You mean a UI in which all the clickable elements are obvious, features are discoverable, it’s fairly obvious what you’re interacting with, and keyboard navigation works well? I didn’t know big tech companies could still do this either.
In my opinion, this looks far better and more usable than a lot of new UIs nowadays.
I’d say appearance != usability, and while this might look a bit dated, it probably behaves a lot more like a desktop application than most Electron apps out there.
To me it looks very much like mRemoteNG (https://mremoteng.org/). Is this just because the same WinForms libraries were used or is there some meat to this?
Nowadays I'm happy if it even bothers to register all keystrokes. Somehow this has become more difficult now that CPUs are many times faster and don't need to queue all keystrokes to ensure they are taken care of eventually.

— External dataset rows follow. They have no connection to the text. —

Lemma ipA2_lft_coef_close beta (h : nat -> CC) (K : R) (c0 : CC) (eta : R) :
  -1 < beta -> inA2 beta h -> 0 <= K -> 0 < eta ->
  exists delta, 0 < delta /\
  forall A B C D : CC, pole_free C D ->
    Cmod (lft_deriv0 A B C D) <= K * (1 - Cmod (lft_ratio C D)) ->
    Cmod (lft A B C D 0 - c0)%C < delta -> Cmod (lft A B C D (RtoC (/ 2)) - c0)%C < delta ->
    Cmod (ipA2 beta (lft_coef A B C D) h - c0 * Cconj (h 0%nat))%C < eta.
Proof.
  intros Hb Hh HK Heta.
  set (N := sqnormA2 beta h).
  assert (HN : 0 <= N) by (apply Series_nonneg; [intros n; apply Rmult_le_pos;
    [apply Rlt_le, wgt_bounds, Hb | apply pow2_ge_0] | exact Hh]).
  pose proof (Cmod_ge_0 (h 0%nat)) as Hh0. set (h0 := Cmod (h 0%nat)) in *.
  set (eps := 2 * (N + 1) / eta).
  assert (Heps : 0 < eps) by (apply Rdiv_lt_0_compat; lra).
  set (Z := 3 * eps * K + h0 + 1).
  assert (HZ : 0 < Z) by (pose proof (Rmult_le_pos _ _ (Rlt_le _ _ Heps) HK); unfold Z; lra).
  set (delta := eta / (4 * Z)).
  exists delta. split; [apply Rdiv_lt_0_compat; lra |].
  intros A B C D H Hp H0 Hhalf.
  eapply Rle_lt_trans; [apply (ipA2_lft_coef_le beta h A B C D c0 K eps delta); auto; lra |].
  fold N h0.
  (* eps and delta are chosen so that both error terms are below eta / 4 *)
  assert (HNeps : N / eps / 2 < eta / 4).
  { unfold eps. replace (N / (2 * (N + 1) / eta) / 2) with (N / (N + 1) * (eta / 4)) by (field; lra).
    rewrite <- (Rmult_1_l (eta / 4)) at 2. apply Rmult_lt_compat_r; [lra |].
    apply (Rdiv_lt_1 N (N + 1)); lra. }
  assert (Hdelta : (3 * eps * K + h0) * delta < eta / 4).
  { unfold delta. replace ((3 * eps * K + h0) * (eta / (4 * Z))) with ((3 * eps * K + h0) / Z * (eta / 4))
      by (field; lra).
    rewrite <- (Rmult_1_l (eta / 4)) at 2. apply Rmult_lt_compat_r; [lra |].
    apply (Rdiv_lt_1 (3 * eps * K + h0) Z); [lra | unfold Z; lra]. }
  lra.
Qed.

Lemma lft_comp (A B C D a b c d z : CC) :
  (c * z + d)%C <> 0%C -> (C * lft a b c d z + D)%C <> 0%C ->
  ((C * a + D * c) * z + (C * b + D * d))%C <> 0%C /\
  lft (A * a + B * c) (A * b + B * d) (C * a + D * c) (C * b + D * d) z = lft A B C D (lft a b c d z).
Proof.
  intros Hz Hphi.
  assert (E : ((C * a + D * c) * z + (C * b + D * d))%C = ((C * lft a b c d z + D) * (c * z + d))%C)
    by (unfold lft; field; exact Hz).
  split; [rewrite E; apply Cmult_neq_0; assumption |].
  unfold lft at 1 3. rewrite E. unfold lft. field. split; [exact Hz |].
  intros E0. apply Hphi. unfold lft. rewrite <- (Cmult_0_l (/ (c * z + d))%C), <- E0. field. exact Hz.
Qed.

Lemma cauchy_den_ge (v z : CC) :
  Cmod v < 1 -> Cmod z <= 1 -> 1 - Cmod v <= Cmod (1 - v * z)%C /\ (1 - v * z)%C <> 0%C.
Proof.
  intros Hv Hz.
  assert (H : 1 - Cmod v <= Cmod (1 - v * z)%C).
  { pose proof (Cmod_triangle (1 - v * z)%C (v * z)%C) as Ht.
    replace (1 - v * z + v * z)%C with (RtoC 1) in Ht by ring.
    rewrite Cmod_1, Cmod_mult in Ht. pose proof (Cmod_ge_0 v). pose proof (Cmod_ge_0 z). nra. }
  split; [exact H |]. intros E. rewrite E, Cmod_0 in H. lra.
Qed.

Lemma Cmod_cauchy_le (v z : CC) :
  Cmod v < 1 -> Cmod z <= 1 -> Cmod (/ (1 - v * z))%C <= / (1 - Cmod v).
Proof.
  intros Hv Hz. destruct (cauchy_den_ge v z Hv Hz) as [Hge Hne].
  rewrite Cmod_inv by exact Hne. apply Rinv_le_contravar; lra.
Qed.
Lemma is_int_sub x y : is_int x -> is_int y -> is_int (x - y).
Proof. intros; unfold Rminus; apply is_int_add; auto using is_int_opp. Qed.

Lemma is_int_mul x y : is_int x -> is_int y -> is_int (x * y).
Proof. intros [a ->] [c ->]; exists (a * c)%Z; now rewrite mult_IZR. Qed.

Lemma is_int_eq x y : x = y -> is_int x -> is_int y.
Proof. now intros ->. Qed.

Lemma small_error_unique z e z' e' :
  IZR z + e = IZR z' + e' -> Rabs e < 1/2 -> Rabs e' < 1/2 -> e = e'.
Proof.
  intros Heq He He'.
  assert (Hz : (z - z')%Z = 0%Z).
  { apply one_IZR_lt1; rewrite minus_IZR.
    apply Rabs_def2 in He; apply Rabs_def2 in He'; lra. }
  assert (Hzz : IZR z = IZR z') by (f_equal; lia).
  lra.
Qed.

Lemma not_near_and_far x z z' :
  1/8 <= x - IZR z <= 7/8 -> Rabs (x - IZR z') < 1/8 -> False.
Proof.
  intros Hfar Hnear; apply Rabs_def2 in Hnear.
  destruct (Z_lt_le_dec z z') as [Hlt|Hge].
  - assert (IZR z + 1 <= IZR z') by (rewrite <- succ_IZR; apply IZR_le; lia); lra.
  - apply IZR_le in Hge; lra.
Qed.

Lemma nat_floor r : 0 <= r -> exists k : nat, INR k <= r < INR k + 1.
Proof.
  intros Hr; destruct (archimed r) as [Hup1 Hup2].
  assert (Hpos : (0 < up r)%Z) by (apply lt_IZR; lra).
  exists (Z.to_nat (up r - 1)).
  rewrite INR_IZR_INZ, Z2Nat.id, minus_IZR by lia; simpl IZR; lra.
Qed.

Lemma bounded_multiples_zero e c : (forall k : nat, INR k * Rabs e <= c) -> e = 0.
Proof.
  intros Hb; destruct (Req_dec e 0) as [|Hne]; [assumption|exfalso].
  destruct (INR_archimed (Rabs e) c) as [k Hk]; [apply Rabs_pos_lt; assumption|].
  specialize (Hb k); lra.
Qed.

The issue with Electron is that devs tries to mimic the browsers UI in a desktop environment. Our desktop OS need to have a desktop UI instead of the mobile webpage with Material/Flat UI design (no visual box line, no separators, no multi-windows, pushing the setting menu as a sidebar, etc). It should be treated as a desktop app with the benefits of desktop, not a mobile app which is the issue.
It's not. This is a regular .NET Windows Forms app and the docking/tabbing stuff is DockPanelSuite, I'd recognize it a mile away. This is confirmed by poking around in their .csproj.